While it might not be common to only do one thing as a Data Scientist, there is one universal thing that all Data Scientists do;

work with data.

Working with data usually involves several key steps, including data wrangling, cleaning, formatting, exploration, and preprocessing. When it comes to getting started with data, and creating some sort of analysis of data, it is typical to wrangle, clean, format, and explore that data. However, preprocessing is a bit more of an interesting case, as preprocessing methods take our data techniques into an entirely new direction. Whereas with the other operations, cleaning, formatting, exploring, we are trying to interpret the data as humans, in the case of preprocessing we have interpreted the data as humans and are now trying to make the data more interpretable for a statistical algorithm. That being said, the amount of preprocessing, along with its effectiveness, can have a serious impact on the performance of a machine-learning model. Given this importance, today we will go through the most popular preprocessing techniques, explain how they work and what they do, and then we will be writing some of them ourselves in order to better demonstrate how they work.

Types Of Features — A brief review

In order to really understand different preprocessing techniques, we first need to have an at least moderate understanding of the data we are actually using the techniques on. Within the world of data, there are several feature types which include primarily continuous, label, and categorical features. Continuous features are described as features where each observation holds numerical value. That being said, continuous features are almost always real, imaginary, or complex numbers — and when they are not, they are a representation of a number. Categorical features on the other hand can encompass a broad array of types, including different numbers and strings. Labels can also be of any type, but are typically either a String or a Date .

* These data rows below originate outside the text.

Definition cocycle3 (chi : A -> A -> A -> M) (F : A -> A -> M) : Prop :=
  (forall a1 a2 a3 a4, hoch3 chi a1 a2 a3 a4 = 0) /\
  (forall a1 a2 a3, dNN2 F a1 a2 a3 - partialNN3 chi a1 a2 a3 = 0).
End NAlg.
End Defs.

(* For a skeletal algebra (d = 0) every axiom of a 2-term homotopy Nijenhuis
   algebra either holds trivially, because the structure maps vanish at 0, or
   reads 0 = x - y where x = y is one of the axioms of a Nijenhuis algebra or of
   a Nijenhuis bimodule; the two remaining axioms, for mu3 and for N2, are the
   two cocycle conditions once the signs of the coboundaries and the eight terms
   of the sum over subsets defining partial^{N,N_M} are expanded. *)

From HB Require Import structures.
From mathcomp Require Import all_boot all_order all_algebra.
Import GRing.Theory.
Local Open Scope ring_scope.

Lemma linear_map0 {K : fieldType} {U V : lmodType K} {f : U -> V} :
  linear f -> f 0 = 0.
Proof.
move=> f_lin; have := f_lin 1 0 0; rewrite !scale1r addr0 => f0D.
by apply: (@addrI _ (f 0)); rewrite addr0 -f0D.
Qed.

Lemma zero_eq_subr (V : zmodType) (x y : V) : 0 = x - y <-> x = y.
Proof. by split=> [/esym/subr0_eq | ->]; last rewrite subrr. Qed.

Lemma scaler_signn (K : fieldType) (V : lmodType K) n (v : V) :
  (-1) ^+ n *: v = if odd n then - v else v.
Proof. by rewrite -signr_odd scaler_sign. Qed.

Definition set_of_bools3 (p : bool * bool * bool) : {set 'I_3} :=
  [set i : 'I_3 | nth false [:: p.1.1; p.1.2; p.2] i].

Lemma set_of_bools3_bij : bijective set_of_bools3.
Proof.
exists (fun S : {set 'I_3} => (ord0 \in S, inord 1 \in S, inord 2 \in S)).
  by move=> [[x y] z]; rewrite /set_of_bools3 !inE /= !inordK.
move=> S; apply/setP=> i; rewrite inE /=.
by case: i => [[|[|[|n]]] lt_i3] //=; congr (_ \in S); apply: val_inj;
  rewrite /= ?inordK.
Qed.

Lemma card_set_of_bools3 x y z : #|set_of_bools3 (x, y, z)| = (x + y + z)%N.
Proof.
rewrite cardsE -sum1_card big_mkcond /= !big_ord_recl big_ord0 /=.
by case: x; case: y; case: z.
Qed.

Lemma sum_bool3 (V : nmodType) (F : bool * bool * bool -> V) :
  \sum_p F p = \sum_x \sum_y \sum_z F (x, y, z).
Proof.
rewrite (eq_bigr (fun p => F (p.1, p.2))); last by case.
rewrite -(pair_bigA _ (fun p z => F (p, z))) /=.
rewrite (eq_bigr (fun p : bool * bool => \sum_z F (p.1, p.2, z))); last by case.
by rewrite -(pair_bigA _ (fun x y => \sum_z F (x, y, z))).
Qed.

Section Coboundaries.
Variables (K : fieldType) (A M : lmodType K).
Variables (mul : A -> A -> A) (N : A -> A).
Variables (l : A -> M -> M) (r : M -> A -> M) (NM : M -> M).

Lemma hoch3E chi a1 a2 a3 a4 :
  hoch3 mul l r chi a1 a2 a3 a4 =
  l a1 (chi a2 a3 a4) - chi (mul a1 a2) a3 a4 + chi a1 (mul a2 a3) a4
  - chi a1 a2 (mul a3 a4) + r (chi a1 a2 a3) a4.
Proof. by rewrite /hoch3 !scaler_signn. Qed.

Lemma dNN2E F a b c :
  dNN2 mul N l r NM F a b c =
  l (N a) (F b c) - r (F a b) (N c) - F (ndot mul N a b) c
  + F a (ndot mul N b c)
  - NM (l a (F b c) - F (mul a b) c + F a (mul b c) - r (F a b) c).
Proof. by rewrite /dNN2 /hoch2 !scaler_signn. Qed.

Lemma partialNN3E chi a b c :
  partialNN3 N NM chi a b c =
  chi (N a) (N b) (N c) - NM (chi (N a) (N b) c)
  - NM (chi (N a) b (N c)) - NM (chi a (N b) (N c))
  + NM (NM (chi (N a) b c)) + NM (NM (chi a (N b) c))
  + NM (NM (chi a b (N c))) - NM (NM (NM (chi a b c))).
Proof.
rewrite /partialNN3 (reindex set_of_bools3); last first.
  by apply: onW_bij; exact: set_of_bools3_bij.
rewrite sum_bool3 !big_bool /= !card_set_of_bools3 /set_of_bools3 !inE /=.
rewrite !inordK //= !scaler_signn /=.
by rewrite !addrA [LHS](ACl (8*7*6*4*5*3*2*1)).
Qed.

End Coboundaries.

Section Skeletal.
Variables (K : fieldType) (A0 A1 : lmodType K).
Variables (m00 : A0 -> A0 -> A0) (m01 : A0 -> A1 -> A1) (m10 : A1 -> A0 -> A1).
Variables (m3 : A0 -> A0 -> A0 -> A1).
Variables (N0 : A0 -> A0) (N1 : A1 -> A1) (N2 : A0 -> A0 -> A1).

Section Ainf.
Hypotheses (m00_0r : forall a, m00 a 0 = 0) (m00_0l : forall a, m00 0 a = 0).
Hypotheses (m01_0l : forall u, m01 0 u = 0) (m10_0r : forall u, m10 u 0 = 0).
Hypotheses (m3_03 : forall a b, m3 a b 0 = 0) (m3_02 : forall a b, m3 a 0 b = 0).
Hypothesis (m3_01 : forall a b, m3 0 a b = 0).

Lemma skeletal_two_term_Ainf :
  two_term_Ainf (fun _ : A1 => 0 : A0) m00 m01 m10 m3 <->
  [/\ forall a b c, m00 (m00 a b) c = m00 a (m00 b c),
      bimodule m00 m01 m10 &
      forall a b c e, hoch3 m00 m01 m10 m3 a b c e = 0].
Proof.
rewrite /two_term_Ainf /bimodule; split.
- case=> _ [_ [_ [assoc [left_act [mid_act [right_act m3_cocycle]]]]]].
  split; [by move=> a b c; apply/zero_eq_subr | split=> a b u |].
  + by apply/zero_eq_subr; rewrite -left_act m3_03.
  + by apply/esym/zero_eq_subr; rewrite -right_act m3_01.
  + by apply/zero_eq_subr; rewrite -mid_act m3_02.
  + by move=> a b c e; rewrite hoch3E m3_cocycle.
- case=> assoc [left_act right_act mid_act] m3_cocycle; do !split.
  + by move=> a u; rewrite m00_0r.
  + by move=> u a; rewrite m00_0l.
  + by move=> u v; rewrite m10_0r m01_0l.
  + by move=> a b c; apply/zero_eq_subr.
  + by move=> a b u; rewrite m3_03; apply/zero_eq_subr.
  + by move=> a b u; rewrite m3_02; apply/zero_eq_subr.
  + by move=> a b u; rewrite m3_01 right_act; apply/zero_eq_subr.
  + by move=> a b c e; have := m3_cocycle a b c e; rewrite hoch3E.
Qed.

End Ainf.

Section Nijenhuis.
Hypothesis (N0_0 : N0 0 = 0).
Hypotheses (N2_0r : forall a, N2 a 0 = 0) (N2_0l : forall a, N2 0 a = 0).

Lemma skeletal_homotopy_nijenhuis :
  homotopy_nijenhuis (fun _ : A1 => 0 : A0) m00 m01 m10 m3 N0 N1 N2 <->
  [/\ forall a b, m00 (N0 a) (N0 b) = N0 (Ndot m00 N0 a b),
      forall a u, m01 (N0 a) (N1 u) =
                  N1 (m01 (N0 a) u + m01 a (N1 u) - N1 (m01 a u)),
      forall a u, m10 (N1 u) (N0 a) =
                  N1 (m10 (N1 u) a + m10 u (N0 a) - N1 (m10 u a)) &
      forall a b c,
        dNN2 m00 N0 m01 m10 N1 N2 a b c - partialNN3 N0 N1 m3 a b c = 0].
Proof.
rewrite /homotopy_nijenhuis; split.
- case=> _ nij left_nij right_nij N2_cocycle; split.
  + by move=> a b; apply/esym/zero_eq_subr; rewrite nij.
  + by move=> a u; apply/esym/zero_eq_subr; rewrite left_nij N2_0r.
  + by move=> a u; apply/esym/zero_eq_subr; rewrite right_nij N2_0l.
  + by move=> a b c; rewrite dNN2E partialNN3E N2_cocycle subrr.
- case=> nij left_nij right_nij N2_cocycle; split.
  + by move=> u; rewrite N0_0.
  + by move=> a b; apply/esym/zero_eq_subr.
  + by move=> a u; rewrite N2_0r; apply/esym/zero_eq_subr.
  + by move=> a u; rewrite N2_0l; apply/esym/zero_eq_subr.
  + move=> a b c; apply/subr0_eq.
    by rewrite -(N2_cocycle a b c) dNN2E partialNN3E.
Qed.

End Nijenhuis.

End Skeletal.

Theorem theorem6p4 (K : fieldType) (hK : [pchar K] =i pred0)
  (A0 A1 : lmodType K)
  (m00 : A0 -> A0 -> A0) (m01 : A0 -> A1 -> A1) (m10 : A1 -> A0 -> A1)
  (m3 : A0 -> A0 -> A0 -> A1)
  (N0 : A0 -> A0) (N1 : A1 -> A1) (N2 : A0 -> A0 -> A1)
  (* linearity of all structure maps in each argument *)
  (Hm00l : forall b, linear (m00^~ b)) (Hm00r : forall a, linear (m00 a))
  (Hm01l : forall u, linear (m01^~ u)) (Hm01r : forall a, linear (m01 a))
  (Hm10l : forall a, linear (m10^~ a)) (Hm10r : forall u, linear (m10 u))
  (Hm3_1 : forall b c, linear (fun a => m3 a b c))
  (Hm3_2 : forall a c, linear (fun b => m3 a b c))
  (Hm3_3 : forall a b, linear (m3 a b))
  (HN0 : linear N0) (HN1 : linear N1)
  (HN2l : forall b, linear (N2^~ b)) (HN2r : forall a, linear (N2 a)) :
  (* skeletal (d = 0) 2-term homotopy Nijenhuis algebra *)
  (two_term_Ainf (fun _ : A1 => 0 : A0) m00 m01 m10 m3 /\
   homotopy_nijenhuis (fun _ : A1 => 0 : A0) m00 m01 m10 m3 N0 N1 N2)
  <->
  (* Nijenhuis algebra, Nijenhuis bimodule and 3-cocycle (mu3, N2) *)
  (nijenhuis_algebra m00 N0 /\
   nijenhuis_bimodule m00 N0 m01 m10 N1 /\
   cocycle3 m00 N0 m01 m10 N1 m3 N2).
Proof.
have Ainf := @skeletal_two_term_Ainf K A0 A1 m00 m01 m10 m3
  (fun a => linear_map0 (Hm00r a)) (fun a => linear_map0 (Hm00l a))
  (fun u => linear_map0 (Hm01l u)) (fun u => linear_map0 (Hm10r u))
  (fun a b => linear_map0 (Hm3_3 a b)) (fun a b => linear_map0 (Hm3_2 a b))
  (fun a b => linear_map0 (Hm3_1 a b)).
have Nij := @skeletal_homotopy_nijenhuis K A0 A1 m00 m01 m10 m3 N0 N1 N2
  (linear_map0 HN0)
  (fun a => linear_map0 (HN2r a)) (fun a => linear_map0 (HN2l a)).
split=> [[/Ainf[assoc bimod m3_cocycle] /Nij[nij left_nij right_nij N2_cocycle]]
        | [[assoc nij] [[bimod left_nij right_nij] [m3_cocycle N2_cocycle]]]].
- by split; [split | split; split].
- by split; [apply/Ainf | apply/Nij].
Qed.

An example of a continuous feature would be observations of daily ice-cream sales from an ice-cream truck. If we were to also log the most popular daily flavor of icecream, this would be a categorical feature. Finally, a date would be considered a label for this data. Understanding these different types of features is going to be incredibly important when it comes to using preprocessing methods. This also is going to be incredibly important when it comes to understanding the data, as there are situations where the feature type is not as obvious at first glance.

Train Test Split

The first preprocessing technique is not necessarily a typical preprocessor. Train test split is a technique that is used to test model’s performance by creating two separate samples. The first sample is a training set, which is used to tell the model how your feature relates to your target, or the thing you are predicting. The test set evaluates how well the model has correlated the feature and the target.

Train test split is relatively straight-forward. Python programmers will likely find train_test_split from sklearn.model_selection a useful method for doing this in Python. As far as programming one yourself goes, the process is relatively straightforward. The input we are looking for is a DataFrame, and the output we are looking for is two DataFrames split at a certain percentage.

using DataFrames
using Random

My function is going to accomplish this by grabbing a random sub-sequence and then separating the DataFrame values based on that random sub-sequence.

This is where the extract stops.